А+Б не равно А+Б!

Неравенство А+Б=А+Б в математике выглядело бы абсурдом, потому что слева и справа находятся величины однозначные. А в кинематографе два кадра, соединенные вместе, вовсе не равны их сумме. Тут, как заметили теоретики монтажа, появляется третий смысл.

– А что это такое – третий смысл? – мог спросить пещерный художник. – И откуда он может взяться, если план А и план Б после склейки вовсе не меняются?

– Склеенные планы действительно остаются теми же самыми, и их содержание не меняется, – ответили бы мы. – Но меняется наша оценка этих планов. Взятые не порознь, а вместе, они оказывают своеобразное влияние на наше восприятие изобразительного ряда. Мы переносим какую-то часть значения плана А на план Б, и наоборот, воспоминание о плане А, которое хранится у нас в сознании, как-то меняется в зависимости от содержания следующего за ним плана Б. Они становятся не суммой отдельных составляющих, а единым целым, которое появляется в новом качестве.

Третий смысл появляется благодаря тому, что после склейки двух кадров зритель получает возможность не только оценить конкретное содержание каждого из них, но и сопоставить эти содержания, воспринять их во взаимодействии.

Склейка – это не механическое соединение двух кусков пленки. Это очень важный и сложный компонент кинофильма, осмысление которого требует от зрителя творческого отношения. Склейка соединяет, но одновременно и разъединяет снятые кадры. Смысловые значения склеенных кадров дополняют друг друга, но в то же время противоречат один другому, согласно диалектическому закону о единстве и борьбе противоположностей.

После склейки в межкадровом монтаже соединяются два содержания, которые сами по себе не являются главными, а главной становится та мысль, на которую они наталкивают зрителя благодаря своему сочетанию. Человек, смотрящий на экран, сопоставляет смысловые значения этих кадров, оценивает правомерность их соединения, ищет причинно-следственные связи, породившие данную монтажную конструкцию. В его сознании идет творческая работа. Включается механизм ассоциативного мышления, привлекается весь жизненный опыт и делаются выводы, которые оказываются богаче простой арифметической суммы снятых кадров. На рис. 25 приведен вариант монтажной связи, который целиком строится на действии. Каждая из ситуаций, взятая отдельно, говорит только об изображенном объекте. Но если кадры взяты в монтажном соединении, то появляется новый факт – погоня одного персонажа за другим.

Рис. 25

Причем порядок, в котором появятся на экране эти кадры, обозначит, кто кого догоняет, и, таким образом, соединение одних и тех же компонентов приобретает различный смысл. Такие четко оформленные связи между кадрами действуют в близких пределах, в основном они касаются соседних кадров, а дальше их заслоняет новая информация, которая складывается в единый поток. В этом потоке каждый из мизанкадров может сохранять свое влияние на остальной материал и вступать в смысловые и эмоциональные связи с другими мизанкадрами на протяжении всего эпизода и даже всего фильма. Дистанция между ними может быть самой различной. Именно на этом и построен принцип дистанционного монтажа, о котором говорит известный советский режиссер-документалист А. Пелешян. Но, конечно, такие контакты возможны только между кадрами, которые заключают в себе концентрат мысли и чувства. Они выступают в общем монтажном развитии фильма как своеобразные опорные пункты, дающие сильный смысловой импульс. Случайные, малозначимые кадры такой силой не обладают. На рис. 26 можно заметить такую дистанционную связь между кадрами, не стоящими рядом.

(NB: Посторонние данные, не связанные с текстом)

(* Let $P\ge4$ be even and $\gamma>0$. For each $\beta'>0$ let $(\bar m,\bar q,\bar p)=(\bar m(\beta'),\bar q(\beta'),\bar p(\beta'))$ be a solution of $$\bar m=\mathbb E_x\tanh\Big[\tfrac P2\beta'\bar m^{P-1}+x\sqrt{\beta'\gamma\tfrac P2\bar p\,\bar q^{P/2-1}}\Big],\quad \bar q=\mathbb E_x\tanh^2\Big[\tfrac P2\beta'\bar m^{P-1}+x\sqrt{\beta'\gamma\tfrac P2\bar p\,\bar q^{P/2-1}}\Big],\quad \bar p=\beta'\bar q^{P/2},$$ where $x$ is a standard Gaussian. Assume that, as $\beta'\to\infty$, $\bar m(\beta')\to m_\infty$ and $\beta'(1-\bar q(\beta'))$ converges to a finite limit. Then $$m_\infty=\mathrm{erf}\Big[\tfrac12\sqrt{\tfrac P\gamma}\,m_\infty^{P-1}\Big].$$
   Context: These are the replica-symmetric self-consistency equations of the dense Hebbian network (with $\beta'=2\beta/P!$ the rescaled inverse temperature and $\gamma$ the storage load); $\mathrm{erf}$ is the error function. *)

From Stdlib Require Export Reals.
From Coquelicot Require Export Coquelicot.
Open Scope R_scope.

Definition gauss_E (f : R -> R) : R :=
  RInt_gen (fun x => f x * exp (- x ^ 2 / 2) / sqrt (2 * PI))
           (Rbar_locally m_infty) (Rbar_locally p_infty).

Definition erf (z : R) : R := 2 / sqrt PI * RInt (fun t => exp (- t ^ 2)) 0 z.

(* The argument of tanh in the self-consistency equations. *)
Definition rs_field (P : nat) (gamma b m q p x : R) : R :=
  INR P / 2 * b * m ^ (P - 1)
  + x * sqrt (b * gamma * (INR P / 2) * p * q ^ (P / 2 - 1)).

From Stdlib Require Import Lra Lia FunctionalExtensionality.
Open Scope R_scope.

(* Substituting p = b q^(P/2), the field of the magnetization equation is
   k (x - s) with slope k = b C(q), C(q) = sqrt(gamma (P/2) q^(P-1)), and threshold
   s = -(P/2) m^(P-1) / C(q).  Boundedness of b (1 - q) forces q -> 1, hence
   k -> +oo and s -> t := -(P/2) m_inf^(P-1) / sqrt(gamma P / 2).  Away from a
   shrinking window around t, tanh (k (x - s)) is uniformly close to sign (x - t),
   and the Gaussian tails (dominated by e^(1/2 - |x|)) make the truncation of the
   expectation to [-M, M] uniform, so E_x tanh (k (x - s)) tends to
   Pr(x > t) - Pr(x < t) = \int_t^(-t) phi = erf (-t / sqrt 2). *)

Lemma exp_le_compat (x y : R) : x <= y -> exp x <= exp y.
Proof.
  intros [Hlt | ->]; [left; apply exp_increasing, Hlt | right; reflexivity].
Qed.

Lemma ex_RInt_of_continuous (f : R -> R) (a b : R) :
  (forall x, continuous f x) -> ex_RInt f a b.
Proof. intros Hf; apply (ex_RInt_continuous (V := R_CompleteNormedModule)); auto. Qed.

Lemma abs_RInt_swap (f : R -> R) (a b : R) :
  ex_RInt f a b -> Rabs (RInt f b a) = Rabs (RInt f a b).
Proof.
  intros Hf; rewrite <- (opp_RInt_swap (V := R_CompleteNormedModule) f a b Hf).
  apply Rabs_Ropp.
Qed.

Lemma abs_RInt_le_antiderivative (f g G : R -> R) (a b : R) :
  a <= b -> ex_RInt f a b ->
  (forall x, a <= x <= b -> Rabs (f x) <= g x) ->
  (forall x, a <= x <= b -> is_derive G x (g x)) ->
  (forall x, a <= x <= b -> continuous g x) ->
  Rabs (RInt f a b) <= G b - G a.
Proof.
  intros Hab Hf Hfg HG Hg.
  apply (norm_RInt_le (V := R_NormedModule) f g a b _ _ Hab Hfg).
  - apply (RInt_correct (V := R_CompleteNormedModule)), Hf.
  - apply (is_RInt_derive (V := R_CompleteNormedModule));
      rewrite Rmin_left, Rmax_right by exact Hab; assumption.
Qed.

Lemma abs_RInt_le_two_pieces (f : R -> R) (a m b e1 e2 : R) :
  a <= m <= b -> (forall x, continuous f x) ->
  (forall x, a <= x <= m -> Rabs (f x) <= e1) ->
  (forall x, m <= x <= b -> Rabs (f x) <= e2) ->
  Rabs (RInt f a b) <= (m - a) * e1 + (b - m) * e2.
Proof.
  intros [Ham Hmb] Hf H1 H2.
  rewrite <- (RInt_Chasles (V := R_CompleteNormedModule) f a m b)
    by apply ex_RInt_of_continuous, Hf.
  eapply Rle_trans; [apply Rabs_triang |].
  apply Rplus_le_compat; apply abs_RInt_le_const; auto; apply ex_RInt_of_continuous, Hf.
Qed.

Lemma continuous_comp_opp (f : R -> R) (x : R) :
  (forall x, continuous f x) -> continuous (fun x => f (- x)) x.
Proof.
  intros Hf; apply (continuous_comp (fun x => - x) f); [| apply Hf].
  apply (continuous_opp (V := R_NormedModule) (fun x => x)), continuous_id.
Qed.

Lemma RInt_reflect (f : R -> R) (a b : R) :
  (forall x, continuous f x) -> RInt f a b = RInt (fun x => f (- x)) (- b) (- a).
Proof.
  intros Hf.
  assert (Hf' : forall x, continuous (fun x => f (- x)) x)
    by (intros; apply continuous_comp_opp, Hf).
  rewrite <- (opp_RInt_swap (V := R_CompleteNormedModule) _ (- a) (- b))
    by apply ex_RInt_of_continuous, Hf'.
  pose proof (RInt_comp_lin (V := R_CompleteNormedModule) (fun x => f (- x)) (-1) 0 a b
                (ex_RInt_of_continuous _ _ _ Hf')) as Hlin.
  replace (-1 * a + 0) with (- a) in Hlin by ring.
  replace (-1 * b + 0) with (- b) in Hlin by ring.
  rewrite <- Hlin.
  rewrite (RInt_ext (V := R_CompleteNormedModule) (fun y => scal (-1) (f (- (-1 * y + 0))))
             (fun y => opp (f y))).
  - rewrite (RInt_opp (V := R_CompleteNormedModule)) by apply ex_RInt_of_continuous, Hf.
    symmetry; apply opp_opp.
  - intros y _; unfold scal, opp; simpl; unfold mult; simpl.
    replace (- (-1 * y + 0)) with y by ring; ring.
Qed.

Lemma abs_RInt_le_exp_tail (h : R -> R) (c M u v : R) :
  0 <= c -> (forall x, continuous h x) ->
  (forall x, M <= x -> Rabs (h x) <= c * exp (- x)) ->
  M <= u -> M <= v -> Rabs (RInt h u v) <= c * exp (- M).
Proof.
  intros Hc Hh Hbound.
  assert (ordered : forall u v, M <= u <= v -> Rabs (RInt h u v) <= c * exp (- M)).
  { intros a b [Ha Hab].
    eapply Rle_trans.
    - apply (abs_RInt_le_antiderivative h (fun x => c * exp (- x))
               (fun x => - (c * exp (- x)))); auto.
      + apply ex_RInt_of_continuous, Hh.
      + intros x Hx; apply Hbound; lra.
      + intros x _; auto_derive; [exact I | ring].
      + intros x _; apply (ex_derive_continuous (fun x => c * exp (- x))); auto_derive; exact I.
    - pose proof (exp_pos (- b)).
      assert (exp (- a) <= exp (- M)) by (apply exp_le_compat; lra).
      nra. }
  intros Hu Hv; destruct (Rle_dec u v).
  - apply ordered; lra.
  - rewrite <- abs_RInt_swap by apply ex_RInt_of_continuous, Hh; apply ordered; lra.
Qed.

Section ExponentialTails.

Variables (h : R -> R) (c : R).
Hypothesis h_cont : forall x, continuous h x.
Hypothesis h_bound : forall x, Rabs (h x) <= c * exp (- Rabs x).

Let ex_RInt_h (a b : R) : ex_RInt h a b := ex_RInt_of_continuous h a b h_cont.

Lemma exp_tail_const_nonneg : 0 <= c.
Proof.
  pose proof (Rle_trans _ _ _ (Rabs_pos (h 0)) (h_bound 0)) as H.
  rewrite Rabs_R0, Ropp_0, exp_0, Rmult_1_r in H; exact H.
Qed.

Lemma exp_tail_bound_one_sided (x : R) :
  Rabs (h x) <= c * exp (- x) /\ Rabs (h (- x)) <= c * exp (- x).
Proof.
  pose proof exp_tail_const_nonneg.
  pose proof (Rle_abs x).
  split; (eapply Rle_trans; [apply h_bound |]);
    apply Rmult_le_compat_l; auto; apply exp_le_compat; rewrite ?Rabs_Ropp; lra.
Qed.

Lemma abs_RInt_truncation_diff (a b a' b' M : R) :
  a <= - M -> a' <= - M -> M <= b -> M <= b' ->
  Rabs (RInt h a b - RInt h a' b') <= 2 * (c * exp (- M)).
Proof.
  intros Ha Ha' Hb Hb'.
  assert (Hsplit : RInt h a b = RInt h a a' + RInt h a' b' + RInt h b' b).
  { rewrite <- (RInt_Chasles (V := R_CompleteNormedModule) h a a' b) by apply ex_RInt_h.
    rewrite <- (RInt_Chasles (V := R_CompleteNormedModule) h a' b' b) by apply ex_RInt_h.
    unfold plus; simpl; ring. }
  rewrite Hsplit.
  replace (RInt h a a' + RInt h a' b' + RInt h b' b - RInt h a' b')
    with (RInt h a a' + RInt h b' b) by ring.
  eapply Rle_trans; [apply Rabs_triang |].
  pose proof exp_tail_const_nonneg.
  assert (Hleft : Rabs (RInt h a a') <= c * exp (- M)).
  { rewrite RInt_reflect by exact h_cont.
    apply abs_RInt_le_exp_tail; try lra.
    - intros; apply continuous_comp_opp, h_cont.
    - intros x _; apply exp_tail_bound_one_sided. }
  assert (Hright : Rabs (RInt h b' b) <= c * exp (- M)).
  { apply abs_RInt_le_exp_tail; auto; intros x _; apply exp_tail_bound_one_sided. }
  lra.
Qed.

Let far (M : R) (ab : R * R) : Prop := fst ab <= - M /\ M <= snd ab.

Let far_eventually (M : R) :
  filter_prod (Rbar_locally m_infty) (Rbar_locally p_infty) (far M).
Proof.
  apply (Filter_prod _ _ _ (fun a => a <= - M) (fun b => M <= b)).
  - exists (- M); intros; lra.
  - exists M; intros; lra.
  - intros a b Ha Hb; split; assumption.
Qed.

Lemma is_RInt_gen_exp_tails :
  exists y, is_RInt_gen h (Rbar_locally m_infty) (Rbar_locally p_infty) y /\
    forall M, Rabs (y - RInt h (- M) M) <= 2 * (c * exp (- M)).
Proof.
  pose (F := filter_prod (Rbar_locally m_infty) (Rbar_locally p_infty)).
  assert (HF : ProperFilter F) by (apply filter_prod_proper; apply Rbar_locally_filter).
  destruct (proj1 (Hierarchy.filterlim_locally_cauchy (U := R_CompleteSpace) (F := F)
                     (fun ab => RInt h (fst ab) (snd ab)))) as [y Hy].
  { intros eps; pose proof (cond_pos eps) as Heps; pose proof exp_tail_const_nonneg.
    pose (M := - ln (eps / (4 * (c + 1)))).
    exists (far M); split; [apply far_eventually |].
    intros [a b] [a' b'] [Ha Hb] [Ha' Hb']; simpl in *.
    change (Rabs (RInt h a' b' - RInt h a b) < eps).
    eapply Rle_lt_trans; [apply (abs_RInt_truncation_diff _ _ _ _ M); assumption |].
    unfold M; rewrite Ropp_involutive, exp_ln by (apply Rdiv_lt_0_compat; lra).
    apply (Rmult_lt_reg_r (4 * (c + 1))); [lra |].
    field_simplify; [nra | lra]. }
  exists y; split.
  - intros P HP; specialize (Hy P HP); unfold filtermap in Hy; unfold filtermapi.
    eapply filter_imp; [| exact Hy]; intros [a b] Hab.
    exists (RInt h a b); split; [| exact Hab].
    apply (RInt_correct (V := R_CompleteNormedModule)), ex_RInt_h.
  - intros M; apply Rle_plus_epsilon; intros eps Heps.
    assert (Hclose : F (fun ab => Rabs (RInt h (fst ab) (snd ab) - y) < eps)).
    { apply (Hy (fun z => Rabs (z - y) < eps)).
      exists (mkposreal eps Heps); intros z Hz; exact Hz. }
    destruct (filter_ex _ (filter_and _ _ Hclose (far_eventually M)))
      as [[a b] [Hab [Ha Hb]]]; simpl in *.
    pose proof (abs_RInt_truncation_diff a b (- M) M M Ha ltac:(lra) Hb ltac:(lra)).
    replace (y - RInt h (- M) M) with ((RInt h a b - RInt h (- M) M) - (RInt h a b - y)) by ring.
    eapply Rle_trans; [apply Rabs_triang |]; rewrite Rabs_Ropp; lra.
Qed.

End ExponentialTails.

Lemma RInt_even_reflect (w : R -> R) (a b : R) :
  (forall x, continuous w x) -> (forall x, w (- x) = w x) ->
  RInt w a b = RInt w (- b) (- a).
Proof.
  intros Hw Heven; rewrite RInt_reflect by exact Hw.
  apply (RInt_ext (V := R_CompleteNormedModule)); intros; apply Heven.
Qed.

Lemma RInt_even_sign_split (w : R -> R) (t M : R) :
  (forall x, continuous w x) -> (forall x, w (- x) = w x) ->
  RInt w t M - RInt w (- M) t = RInt w t (- t).
Proof.
  intros Hw Heven.
  rewrite (RInt_even_reflect w (- M) t Hw Heven), Ropp_involutive.
  rewrite <- (RInt_Chasles (V := R_CompleteNormedModule) w t (- t) M)
    by apply ex_RInt_of_continuous, Hw.
  unfold plus; simpl; ring.
Qed.

Lemma RInt_even_symmetric (w : R -> R) (s : R) :
  (forall x, continuous w x) -> (forall x, w (- x) = w x) ->
  RInt w s (- s) = 2 * RInt w 0 (- s).
Proof.
  intros Hw Heven.
  rewrite <- (RInt_Chasles (V := R_CompleteNormedModule) w s 0 (- s))
    by apply ex_RInt_of_continuous, Hw.
  rewrite (RInt_even_reflect w s 0 Hw Heven), Ropp_0.
  unfold plus; simpl; ring.
Qed.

Вполне естественно, что монтажный ряд, говорящий о каком-либо конкретном событии, воспринимается гораздо легче, чем эпизод, автор которого обратился к нравственным и философским проблемам, намереваясь раскрыть их через отвлеченные понятия. Монтаж такого рода наиболее сложен и для выполнения, я для зрительского восприятия.

Рис. 26

Рассмотрим монтажную фразу, доставленную из кадров 88 а, б, в. Пространственных ориентиров, объясняющих суть происходящего, нет.

Временны́х – тоже нет. Действие разнородно. Персонажи при первом взгляде ничем не связаны друг с другом. Все три кадра различны по своим внешним признакам и нужно угадать, что их связывает.

Кадр 88, а
Кадр 88, б
Кадр 88, в

Если причина монтажного сопоставления не ясна зрителю с первого момента, он невольно начинает искать более тонкие связи и зависимости, желая выяснить, почему автор поставил эти кадры рядом и почему их можно считать единым целым, а не случайным сочетанием чужеродных элементов.

Единственное, что объединяет эти кадры, – это то, что в каждом из них присутствуют люди:

человек > два человека > человек

Если представить себе главный стержень монтажа таким образом, то можно предположить, что речь идет о человеческих судьбах:

ребёнок > агрессор и его жертва > старая женщина

Есть ли смысловая связь между этими кадрами?

Первое межкадровое столкновение наводит на мысль: человек приходит в этот мир, где столько насилия и несправедливости…

Второй монтажный переход на кадр с женщиной, молитвенно сложившей руки, будет исходить из уже найденного предположения. О чем она просит судьбу? Предыдущие кадры подсказывают: о том, чтобы силы добра не оказались слабее злых сил. Она просит за всех, и за только что родившегося малыша тоже. Кадры выстраиваются в единую смысловую линию:

появление нового человека > который приходит в мир, где есть насилие… > которого не должно быть…

В этой монтажной фразе истолковать кадры можно только в зависимости от контекста, рассматривая их все вместе, и ребенок, и убийца, и старая женщина – это символы, а не конкретные люди. Их роль – выразить тот самый глубинный смысл монтажного сочетания который возникает в процессе восприятия кинозрелища. И конечно, как каждый кадр может быть понят и истолкован только в контексте, в связи с другими кадрами, так и весь эпизод должен стоять в ряду других эпизодов, подготавливающих его появление и ориентирующих зрителя на желательные автору оценки этой монтажной фразы.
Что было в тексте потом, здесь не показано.